We collected participants’ sociodemographic information (age, sex, marital status, education level and employment status), lifestyle factors (smoking status and consumption of chewing tobacco alone or with betel leaf), anthropometric measures (height, weight, waist and hip size) and clinical conditions (hypertension, coronary artery disease (CAD), kidney disease, cancer, asthma, stroke, anxiety and depressive symptom). Vaccine acceptance was determined using a close-ended question inquiring participants’ willingness to get vaccinated as the main outcome variable. It has two categorical responses: yes (indicating acceptance) and maybe/no (hesitance). Vaccine hesitancy was defined as a delay in acceptance or downright refusal of vaccines although readiness of vaccine services, as per WHO’s definition.24 Vaccine roll-out participation was determined using a close-ended question inquiring whether participants have received at least the first dose of COVID-19 vaccine. The question had two categorical responses (yes and no). Non-demographic correlates which may have contributed to vaccine acceptance and roll-out participation were determined. This included participants’ general knowledge regarding vaccinations prior to the pandemic, knowledge and/or experience regarding the COVID-19 vaccine (including availability, accessibility, perceptions of risk and benefits, scheduling and compliance) and factors which may contribute to hesitancy such as political and religious factors, previous COVID-19 status, trust (or a lack thereof) in health systems or pharmaceutical industries, and potential source of vaccine misinformation such as use of social media. We also explored willingness-to-pay perceptions if the COVID-19 vaccine was no longer available for free in Bangladesh.

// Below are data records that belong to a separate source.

Lemma qdim_fusion (x y : word) :
  \sum_(z <- fusion x y) qdim q z = qdim q x * qdim q y.
Proof.
elim/last_ind: x y => [|x a IH] y; first by rewrite fusion_nill big_seq1 qdim_nil mul1r.
case: y => [|b y]; first by rewrite fusion_nilr big_seq1 qdim_nil mulr1.
rewrite fusion_rcons_cons big_cons; have [->|ba] := eqVneq b (~~ a).
  by rewrite IH qdim_rcons_cons.
rewrite big_nil addr0 qdim_cat // /block_boundary last_rcons /=.
by move: ba; case: a; case: b; rewrite ?orbT.
Qed.

Lemma ball_size_ge1 (X : seq word) n : 1 <= ball_size q X n.
Proof.
rewrite /ball_size.
have /perm_to_rem/(perm_big _) -> : [::] \in Defs.ball X n by apply/ballP; exists 0%N.
by rewrite big_cons qdim_nil expr1n lerDl sumr_ge0 // => w _; rewrite sqr_ge0.
Qed.

Lemma ball_size_submul (X : seq word) n m :
  ball_size q X (n + m) <= ball_size q X n * ball_size q X m.
Proof.
rewrite /ball_size.
set products := flatten [seq fusion x y | x <- Defs.ball X n, y <- Defs.ball X m].
apply: (@le_trans _ _ (\sum_(z <- products) qdim q z ^+ 2)).
  apply: ler_sum_sub_uniq => [z||z /mem_ball_fusion [x [y [hx hy hz]]]].
  - exact: sqr_ge0.
  - exact: undup_uniq.
  apply/flattenP; exists (fusion x y) => //.
  by apply/allpairsP; exists (x, y).
rewrite big_flatten /= big_allpairs_dep /= mulr_suml; apply: ler_sum => x _.
rewrite mulr_sumr; apply: ler_sum => y _; rewrite -exprMn -qdim_fusion.
by apply: sumr_sqr_le => z; apply: qdim_ge0.
Qed.
(* Let $m\ge 2$ and let $\langle a,b\mid (ab)^m=(ba)^m\rangle$ be the dihedral Artin group with label $2m$, and let $z_{ab}=(ab)^m$. If $x\in\langle a,z_{ab}\rangle$ is a primitive element of $\langle a,z_{ab}\rangle\cong\mathbb{Z}^2$ admitting an $n$-th root $w\in\langle a,b\rangle$ (i.e. $w^n=x$), then $n\le m$.
   Context: $z_{ab}=(ab)^m$ generates the centre of this dihedral Artin group, and $\langle a,z_{ab}\rangle$ is free abelian of rank 2. An element of a free abelian group is primitive if it is not a proper power of another element of that group. *)

(* The dihedral Artin group A_m = < a, b | (ab)^m = (ba)^m >
   is encoded as words in the free monoid on a, b, a^-1, b^-1 modulo the
   congruence generated by free cancellation and the defining relation. *)
From mathcomp Require Import all_boot all_algebra.
Set Implicit Arguments. Unset Strict Implicit. Unset Printing Implicit Defensive.

(* a letter: (generator, inverted?) ; generator false = a, true = b *)
Definition letter := (bool * bool)%type.
Definition word := seq letter.

Definition linv (l : letter) : letter := (l.1, ~~ l.2).
Definition winv (w : word) : word := rev (map linv w).

Definition ga : word := [:: (false, false)].
Definition gb : word := [:: (true, false)].

Fixpoint wpow (w : word) (n : nat) : word :=
  if n is n'.+1 then w ++ wpow w n' else [::].

Definition wzpow (w : word) (z : int) : word :=
  match z with
  | Posz n => wpow w n
  | Negz n => wpow (winv w) n.+1
  end.

Inductive aeq (m : nat) : word -> word -> Prop :=
| aeq_refl u : aeq m u u
| aeq_sym u v : aeq m u v -> aeq m v u
| aeq_trans u v w : aeq m u v -> aeq m v w -> aeq m u w
| aeq_cancel u v l : aeq m (u ++ [:: l; linv l] ++ v) (u ++ v)
| aeq_rel u v : aeq m (u ++ wpow (ga ++ gb) m ++ v) (u ++ wpow (gb ++ ga) m ++ v).

Definition zab (m : nat) : word := wpow (ga ++ gb) m.

Definition in_az (m : nat) (x : word) : Prop :=
  exists i j : int, aeq m x (wzpow ga i ++ wzpow (zab m) j).

Definition primitive_az (m : nat) (x : word) : Prop :=
  in_az m x /\ ~ (exists (y : word) (k : nat), 2 <= k /\ in_az m y /\ aeq m (wpow y k) x).

(* Writing x = a^i z^j, primitivity makes i and j coprime.  The exponent sums
   of a and of b are homomorphisms from the Artin group to Z; applied to
   w^n = a^i z^j they give n e_a(w) = i + jm and n e_b(w) = jm.  Hence n
   divides i and jm, so n is coprime to j and divides m. *)

From mathcomp Require Import all_boot all_algebra.
From mathcomp Require Import zify.

Set Implicit Arguments. Unset Strict Implicit. Unset Printing Implicit Defensive.
Import GRing.Theory.
Local Open Scope ring_scope.

Section ExponentSum.

Variable g : bool.

Definition letter_exp (l : letter) : int := if l.1 == g then (-1) ^+ l.2 else 0.

Definition exp_sum (w : word) : int := \sum_(l <- w) letter_exp l.

Lemma exp_sum_cat u v : exp_sum (u ++ v) = exp_sum u + exp_sum v.
Proof. exact: big_cat. Qed.

Lemma letter_exp_linv l : letter_exp (linv l) = - letter_exp l.
Proof. by case: l => g' []; rewrite /letter_exp /=; case: (g' == g). Qed.

Lemma exp_sum_winv w : exp_sum (winv w) = - exp_sum w.
Proof.
rewrite /exp_sum /winv big_rev big_map -sumrN.
by apply: eq_bigr => l _; rewrite letter_exp_linv.
Qed.

Lemma exp_sum_wpow w n : exp_sum (wpow w n) = n%:Z * exp_sum w.
Proof.
elim: n => [|n IHn] /=; first by rewrite mul0r /exp_sum big_nil.
by rewrite exp_sum_cat IHn -addn1 PoszD mulrDl mul1r addrC.
Qed.

Lemma exp_sum_wzpow w i : exp_sum (wzpow w i) = i * exp_sum w.
Proof. by case: i => n; rewrite /wzpow exp_sum_wpow // exp_sum_winv NegzE mulrN mulNr. Qed.

Lemma exp_sum_aeq m u v : aeq m u v -> exp_sum u = exp_sum v.
Proof.
elim=> // [u' v' w' _ -> _ -> // | u' v' l | u' v'].
  by rewrite !exp_sum_cat /exp_sum !big_cons big_nil letter_exp_linv addr0 addrN add0r.
by rewrite !exp_sum_cat !exp_sum_wpow !exp_sum_cat [exp_sum ga + _]addrC.
Qed.

End ExponentSum.

Lemma exp_sum_ga g : exp_sum g ga = (~~ g)%:R.
Proof. by case: g; rewrite /exp_sum big_seq1. Qed.

Lemma exp_sum_zab g m : exp_sum g (zab m) = m%:Z.
Proof. by rewrite exp_sum_wpow /exp_sum big_cons big_seq1; case: g; rewrite mulr1. Qed.

Section Congruence.

Variable m : nat.

Lemma aeq_catl p u v : aeq m u v -> aeq m (p ++ u) (p ++ v).
Proof.
elim=> {u v} [u | u v _ | u v w _ uv _ vw | u v l | u v].
- exact: aeq_refl.
- exact: aeq_sym.
- exact: aeq_trans uv vw.
- by have := aeq_cancel m (p ++ u) v l; rewrite -!catA.
- by have := aeq_rel m (p ++ u) v; rewrite -!catA.
Qed.

Lemma aeq_catr s u v : aeq m u v -> aeq m (u ++ s) (v ++ s).
Proof.
elim=> {u v} [u | u v _ | u v w _ uv _ vw | u v l | u v].
- exact: aeq_refl.
- exact: aeq_sym.
- exact: aeq_trans uv vw.
- by have := aeq_cancel m u (v ++ s) l; rewrite -!catA.
- by have := aeq_rel m u (v ++ s); rewrite -!catA.
Qed.

Lemma winvK : involutive winv.
Proof.
move=> w; rewrite /winv map_rev revK -map_comp map_id_in // => -[? ?] _.
by rewrite /= /linv negbK.
Qed.

Lemma aeq_catV u : aeq m (u ++ winv u) [::].
Proof.
elim: u => [|l u IHu]; first exact: aeq_refl.
rewrite /winv rev_cons -cats1 -/(winv u).
have -> : (l :: u) ++ winv u ++ [:: linv l] = [:: l] ++ (u ++ winv u) ++ [:: linv l].
  by rewrite /= catA.
apply: aeq_trans (aeq_catl _ (aeq_catr _ IHu)) _.
exact: (aeq_cancel m [::] [::] l).
Qed.

Lemma aeq_Vcat u : aeq m (winv u ++ u) [::].
Proof. by have := aeq_catV (winv u); rewrite winvK. Qed.

Definition wcommute (u v : word) : Prop := aeq m (u ++ v) (v ++ u).

Lemma wcommute_sym u v : wcommute u v -> wcommute v u.
Proof. exact: aeq_sym. Qed.

Lemma wcommuteVl u v : wcommute u v -> wcommute (winv u) v.
Proof.
move=> uv; rewrite /wcommute.
have e1 := aeq_catl (winv u ++ v) (aeq_catV u).
have e2 := aeq_catr (winv u) (aeq_catl (winv u) (aeq_sym uv)).
have e3 := aeq_catr (v ++ winv u) (aeq_Vcat u).
rewrite cats0 -!catA in e1; rewrite -!catA in e2 e3.
exact: aeq_trans (aeq_sym e1) (aeq_trans e2 e3).
Qed.

Lemma wcommute_wpowl u v n : wcommute u v -> wcommute (wpow u n) v.
Proof.
move=> uv; elim: n => [|n IHn] /=; first by rewrite /wcommute cats0; exact: aeq_refl.
rewrite /wcommute -catA; apply: aeq_trans (aeq_catl _ IHn) _.
by rewrite !catA; apply: aeq_catr.
Qed.

Lemma wcommute_wzpowl u v i : wcommute u v -> wcommute (wzpow u i) v.
Proof. by case: i => n uv; apply: wcommute_wpowl => //; apply: wcommuteVl. Qed.

Lemma wcommute_wzpow u v i j : wcommute u v -> wcommute (wzpow u i) (wzpow v j).
Proof. by move=> uv; apply/wcommute_sym/wcommute_wzpowl/wcommute_sym/wcommute_wzpowl. Qed.

Lemma wpow_cat_wcommute u v k :
  wcommute u v -> aeq m (wpow (u ++ v) k) (wpow u k ++ wpow v k).
Proof.
move=> uv; elim: k => [|k IHk] /=; first exact: aeq_refl.
rewrite -catA; apply: aeq_trans (aeq_catl _ (aeq_catl _ IHk)) _.
rewrite -!catA; apply: aeq_catl; rewrite !catA; apply: aeq_catr.
exact/wcommute_sym/wcommute_wpowl.
Qed.

Lemma wcommute_ga_zab : wcommute ga (zab m).
Proof.
have wpow_shift x y n : wpow (x ++ y) n ++ x = x ++ wpow (y ++ x) n.
  by elim: n => [|n IHn] /=; rewrite ?cats0 // -!catA IHn.
by rewrite /wcommute /zab wpow_shift; have := aeq_rel m ga [::]; rewrite !cats0.
Qed.

End Congruence.

Lemma wpowD w k l : wpow w (k + l)%N = wpow w k ++ wpow w l.
Proof. by elim: k => [|k IHk] //=; rewrite IHk catA. Qed.

Lemma wpowM w k l : wpow (wpow w k) l = wpow w (k * l)%N.
Proof. by elim: l => [|l IHl] /=; rewrite ?muln0 // IHl mulnS wpowD. Qed.

Lemma wpow_wzpow w i k : wpow (wzpow w i) k = wzpow w (k%:Z * i).
Proof.
case: i => n; first by rewrite -PoszM mulnC /= wpowM.
case: k => [|k]; first by rewrite mul0r.
have -> : k.+1%:Z * Negz n = Negz (k * n.+1 + n) by rewrite !NegzE; lia.
by rewrite /wzpow wpowM; congr wpow; lia.
Qed.

Lemma primitive_az_coprime m x : primitive_az m x ->
  exists i j : int, aeq m x (wzpow ga i ++ wzpow (zab m) j) /\ coprimez i j.
Proof.
case=> -[i [j x_ij]] not_power; exists i, j; split => //.
apply: contraT => not_coprime; case: not_power.
have [/eqP|d_ne0] := eqVneq (gcdz i j) 0.
  rewrite gcdz_eq0 => /andP[/eqP i0 /eqP j0]; subst i j.
  by exists [::], 2; split=> //; split; [exists 0, 0; exact: aeq_refl | exact: aeq_sym].
case Ed : (gcdz i j) d_ne0 not_coprime => [d|//] d_ne0 not_coprime.
exists (wzpow ga (i %/ d)%Z ++ wzpow (zab m) (j %/ d)%Z), d.
split; first by rewrite /coprimez Ed in not_coprime; lia.
split; first by exists (i %/ d)%Z, (j %/ d)%Z; exact: aeq_refl.
apply: aeq_trans (wpow_cat_wcommute _ (wcommute_wzpow _ _ (wcommute_ga_zab m))) _.
rewrite !wpow_wzpow -Ed ![gcdz i j * _]mulrC !divzK ?dvdz_gcdl ?dvdz_gcdr //.
exact: aeq_sym.
Qed.

Lemma Gauss_dvdz_coprime (n m : nat) (i j : int) :
  coprimez i j -> (n%:Z %| i)%Z -> (n%:Z %| j * m%:Z)%Z -> (n %| m)%N.
Proof.
move=> co_ij n_i; have co_nj : coprimez n j := coprimez_dvdl n_i co_ij.
by rewrite Gauss_dvdzr.
Qed.

Local Close Scope ring_scope.

Theorem lemma5p1 (m : nat) (x w : word) (n : nat) :
  2 <= m -> primitive_az m x -> aeq m (wpow w n) x -> n <= m.
Proof.
move=> m_ge2 x_prim wn_x.
have [i [j [x_ij co_ij]]] := primitive_az_coprime x_prim.
have wn_ij := aeq_trans wn_x x_ij.
have := exp_sum_aeq false wn_ij; have := exp_sum_aeq true wn_ij.
rewrite !exp_sum_wpow !exp_sum_cat !exp_sum_wzpow !exp_sum_ga !exp_sum_zab.
rewrite mulr0 mulr1 add0r => e_b e_a.
have n_i : (n%:Z %| i)%Z.
  apply/dvdzP; exists (exp_sum false w - exp_sum true w)%R.
  by rewrite mulrC mulrBr e_a e_b addrK.
have n_jm : (n%:Z %| (j * m%:Z)%R)%Z by rewrite -e_b dvdz_mulr.
exact: dvdn_leq (ltnW m_ge2) (Gauss_dvdz_coprime co_ij n_i n_jm).
Qed.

Measures of anthropometric and clinical variables
Participants’ heights and weights were collected. Blood pressure measurements were taken three times in 5 min intervals. Any history of chronic disease including coronary artery disease (CAD), kidney disease, diabetes, asthma, cancer, arthritis and stroke was validated through documented diagnosis or medication history (verified by a medical doctor) or any past clinical procedures. Anxiety and depressive symptom were assessed using the Generalized Anxiety Disorder-7 Scale25 and Patient Health Questionnaire-9,26 respectively, both of which have been validated for use in the Bangladeshi context.27 28 Operational definitions used in this study are provided in online supplemental appendix 5.
Outcome measures
The main outcomes of interest were prevalence of vaccine acceptance and uptake of the COVID-19 vaccine. Vaccine acceptance was defined as the individual decision to accept or refuse vaccines when presented with the opportunity to vaccinate.29 Vaccine uptake was defined as having received at least one dose of the COVID-19 vaccine.
Statistical analysis
Descriptive statistics of demographic, lifestyle and clinical variables of vaccine acceptance and roll-out participation were presented as frequencies and percentages for categorical variables and means and SDs for continuous variables. Χ2 test was performed to assess the association between vaccine acceptance and roll-out participation with all potential correlates. Multivariable logistic regression analyses along with stepwise variable selection were performed for two main outcome variables: COVID-19 vaccine acceptance (yes/no) and if one has received at least one dose of COVID-19 vaccine (yes/no). Adjusted odds ratio (OR) and 95% confidence intervals (CIs) were reported. A two-tailed p value of 0.05 was considered statistically significant. All the statistical analyses were performed in Stata V.17.0.
Results
Characteristics of study participants
Table 1 details the characteristics of the study participants. The total number of participants in this study was 1603, wherein 51% were male. The mean age of participants was 42.3±14.2 years. The majority of participants were married (88%) and attended secondary school as their highest level of education (42.2%). The proportion of participants who were married or employed was identical (44.5%). Of all participants, nearly a fifth (20%) were active smokers and 24% were regular users of chewing tobacco. The mean body mass index (BMI) of participants was 24.2±6.2 kg/m2. Almost a third (31%) of study participants presented with a chronic disease.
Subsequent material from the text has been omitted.